### YOUR GOAL
Retype each line exactly as it stands, beginning at the first line of the material and finishing with the line that contains "From HB Require Import structures.".

■ ■ ■ ■ ■ ■ ■

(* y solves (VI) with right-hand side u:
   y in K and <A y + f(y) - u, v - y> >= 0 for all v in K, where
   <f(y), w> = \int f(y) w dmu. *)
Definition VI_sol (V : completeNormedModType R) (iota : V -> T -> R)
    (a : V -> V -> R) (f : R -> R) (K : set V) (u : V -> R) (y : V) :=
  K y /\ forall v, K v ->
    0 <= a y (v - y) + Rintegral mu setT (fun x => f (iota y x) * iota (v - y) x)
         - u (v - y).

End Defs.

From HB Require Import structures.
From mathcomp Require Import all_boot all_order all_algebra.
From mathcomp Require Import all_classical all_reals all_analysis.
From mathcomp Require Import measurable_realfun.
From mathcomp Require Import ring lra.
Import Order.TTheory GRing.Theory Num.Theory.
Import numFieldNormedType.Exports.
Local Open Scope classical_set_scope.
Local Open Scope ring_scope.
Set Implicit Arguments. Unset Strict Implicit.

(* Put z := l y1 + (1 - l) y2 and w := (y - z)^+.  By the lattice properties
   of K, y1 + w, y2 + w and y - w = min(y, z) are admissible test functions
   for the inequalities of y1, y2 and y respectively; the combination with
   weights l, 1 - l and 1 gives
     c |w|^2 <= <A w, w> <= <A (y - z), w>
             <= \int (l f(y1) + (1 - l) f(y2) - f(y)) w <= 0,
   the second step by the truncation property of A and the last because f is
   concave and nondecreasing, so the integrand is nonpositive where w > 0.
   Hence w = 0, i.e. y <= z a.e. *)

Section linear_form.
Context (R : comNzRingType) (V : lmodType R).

■ ■ ■ ■ ■ ■ ■

### YOUR SOLUTION
(* y solves (VI) with right-hand side u:
   y in K and <A y + f(y) - u, v - y> >= 0 for all v in K, where
   <f(y), w> = \int f(y) w dmu. *)
Definition VI_sol (V : completeNormedModType R) (iota : V -> T -> R)
    (a : V -> V -> R) (f : R -> R) (K : set V) (u : V -> R) (y : V) :=
  K y /\ forall v, K v ->
    0 <= a y (v - y) + Rintegral mu setT (fun x => f (iota y x) * iota (v - y) x)
         - u (v - y).

End Defs.

From HB Require Import structures.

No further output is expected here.